From the May 01, 2011 issue of Futures Magazine • Subscribe!

Managing trade execution in the HFT world

And it shows in his business, as 50% comes from futures compared to just 15% three years earlier, when most HFTs concentrated on equities and options.

"If you are showing a bid or an offer of size, the high-frequency strategies are digesting that and skewing the market, and you need to be cognizant of it. There are a lot of strategies that are looking for that information and moving the markets," DePetris adds.

Not everyone sees HFTs as a threat, though. "High-frequency traders benefit us," Geismar says. "We find ourselves, more often than not, on the other side of those trades, so we like to see more high-frequency traders. A lot of them are playing both sides of the market; they’re providing more liquidity to the marketplace."

Geismar says that because QIM’s pattern recognition approach is so unique, he doesn’t think their entries can be detected, but they still need to be careful because of their size. "For us, years ago we realized that we can’t execute as quickly as we would like. If we were managing $20 million instead of $5 billion, our execution style would be much different. There is inherent slippage with every additional dollar that you manage and with us at $5 billion now our most important goal with execution is to execute as quietly as possible.

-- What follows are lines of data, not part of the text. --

(* For any planar weighted graph $(G,x)$ and any set of dual edges $\varkappa\subset E(G^* )$, $$\sum_{P\in\mathcal E(G)}(-1)^{\varkappa\cdot P}x(P)=(-1)^{|\varkappa|}\sum_{D\in\mathcal D(G^K)}(-1)^{t(D)}(-1)^{\varkappa\cdot D}x^K(D).$$
   Context: Let $G$ be a finite connected graph embedded in the plane, with edge weights $x=(x_e)$. Let $\vec E(G)$ be the set of oriented edges, with origin $o(e)$ and reversal $\bar e$. $\mathcal E(G)$ is the set of even subgraphs and $x(P)=\prod_{e\in P}x_e$. $G^*$ is the planar dual and $e^*$ the dual of $e$. Terminal graph $G^K$. Its vertex set is $\vec E(G)$. It has long edges $\{e,\bar e\}$ of weight $1$, and short edges $\{e,e'\}$ of weight $(x_ex_{e'})^{1/2}$ for each pair $e\ne e'$ with $o(e)=o(e')$. $\mathcal D(G^K)$ is the set of its perfect matchings and $x^K(D)$ the product of the weights of the edges of $D$. $t(D)$ is the number of pairs of short edges of $D$ at the same vertex $v$ whose endpoints interlace in the cyclic order around $v$. Intersection counts. $|\varkappa|$ is the number of edges in $\varkappa$. $\varkappa\cdot P$ is the number of $e\in P$ with $e^*\in\varkappa$. $\varkappa\cdot D$ is the number of long edges $\{e,\bar e\}\in D$ whose underlying edge of $G$ has its dual in $\varkappa$. *)

(* Planar graphs are represented by combinatorial maps
   (rotation systems): edges form a finType E, oriented edges (darts) are
   E * bool, reversal flips the boolean, and a permutation sigma of the darts
   gives the counter-clockwise cyclic order of darts around each vertex;
   vertices = sigma-orbits, faces = (sigma \o rev)-orbits. *)
From HB Require Import structures.
From mathcomp Require Import all_boot all_order all_algebra all_fingroup.
Set Implicit Arguments.
Unset Strict Implicit.
Unset Printing Implicit Defensive.
Import Order.TTheory GRing.Theory Num.Theory.

Section Map.
Variable E : finType.

Definition dart := (E * bool)%type.
Definition edge_of (d : dart) : E := d.1.
Definition rev_dart (d : dart) : dart := (d.1, ~~ d.2).

Variable sigma : {perm dart}.

Definition same_origin (a b : dart) : bool := fconnect sigma a b.

Definition face_perm (d : dart) : dart := sigma (rev_dart d).

Definition n_vertices : nat := fcard sigma (@predT dart).
Definition n_faces : nat := fcard face_perm (@predT dart).

Definition map_connected : Prop :=
  forall a b : dart,
    connect (fun u v => (v == sigma u) || (v == rev_dart u)) a b.

(* the rotation system is a plane embedding: Euler's formula V - E + F = 2 *)
Definition map_planar : Prop := (n_vertices + n_faces = #|E| + 2)%N.

(* even subgraphs: every vertex has even degree (loops counted twice) *)
Definition even_subgraph (P : {set E}) : bool :=
  [forall d : dart, ~~ odd #|[set d' : dart | same_origin d d' & edge_of d' \in P]|].

(* Terminal graph G^K.  Edges: inl e = long edge {e, rev e};
   inr (a, b) = short edge {a, b} (valid when a != b, o(a) = o(b), and
   enum_rank a < enum_rank b so that each unordered pair occurs once). *)
Definition kedge := (E + (dart * dart))%type.

Definition kedge_valid (k : kedge) : bool :=
  match k with
  | inl _ => true
  | inr (a, b) => same_origin a b && (enum_rank a < enum_rank b)%N
  end.

Definition kends (k : kedge) : {set dart} :=
  match k with
  | inl e => [set (e, true); (e, false)]
  | inr (a, b) => [set a; b]
  end.

Definition perfect_matching (M : {set kedge}) : bool :=
  [forall k in M, kedge_valid k] &&
  [forall d : dart, #|[set k in M | d \in kends k]| == 1%N].

Definition strictly_between (a b c : dart) : bool :=
  (c != a) && (findex sigma a c < findex sigma a b)%N.

Definition interlace (k1 k2 : kedge) : bool :=
  match k1, k2 with
  | inr (a, b), inr (c, d) =>
      same_origin a c &&
      (strictly_between a b c != strictly_between a b d)
  | _, _ => false
  end.

Definition tK (M : {set kedge}) : nat :=
  #|[set p : kedge * kedge | [&& p.1 \in M, p.2 \in M,
        (enum_rank p.1 < enum_rank p.2)%N & interlace p.1 p.2]]|.

(* kappa . P  (kappa given as the set of edges e whose dual e^* is in kappa) *)
Definition kappa_dot_P (kappa P : {set E}) : nat := #|kappa :&: P|.

Definition kappa_dot_D (kappa : {set E}) (M : {set kedge}) : nat :=
  #|[set e in kappa | inl e \in M]|.

Local Open Scope ring_scope.

Definition weight_P (R : ringType) (x : E -> R) (P : {set E}) : R :=
  \prod_(e in P) x e.

Definition kweight (R : rcfType) (x : E -> R) (k : kedge) : R :=
  match k with
  | inl _ => 1
  | inr (a, b) => Num.sqrt (x (edge_of a) * x (edge_of b))
  end.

So we have to spread our trades out throughout the majority of the day."

Of course traders always have tried to mask their size, but the proliferation of HFTs has forced managers to vary their entries more often.

Paskewitz does not change his entry strategies all the time, but does look at factors besides size. "It is not like HFT where your half life is a few months. Some of the strategies haven’t been changed in years, but they get changed when and if they need it," he adds.

QIM has been successful in limiting their slippage despite their dramatic increase in money under management. "It is an ongoing battle, but we think over the years we have done a pretty good job of minimizing the amount of money we lose to slippage," Geismar says, while adding, "There is no real way to measure slippage because there is no way to know what the market would have done if you were not participating."

Paskewitz agrees that defining slippage is not a perfect science. "I look at the price right before we start trading and compare that to our average fill price and that is my definition of our slippage."

He adds that it is more of an issue, the shorter your time horizon. "You have to be more diligent the shorter-term you are trading, and in the spectrum we are shorter-term. I would say we have modest pressure compared to a high-frequency trader," he adds.

The more things change

Geismar is not the only one who does not view HFTs as a new and evil influence. Robert Moss, chairman and president of Ram Management Group, says, "The execution has become easier now because the markets are more transparent. The volume has to be placed on
the platforms."

While Moss acknowledges that pockets of illiquidity develop, he attributes it to traders not using limits and adds it isn’t anything new. "The markets can go into a vacuum. But that is not anything that wouldn’t happen on the trading floor either," he says.

Moss has the benefit of years of experience executing large sized orders on the trading floor. To him, HFTs are not some evil monolith attempting to ruin his day and make a living reverse engineering his program; they are simply traders doing electronically what traders always have tried to do, and that is to get an edge.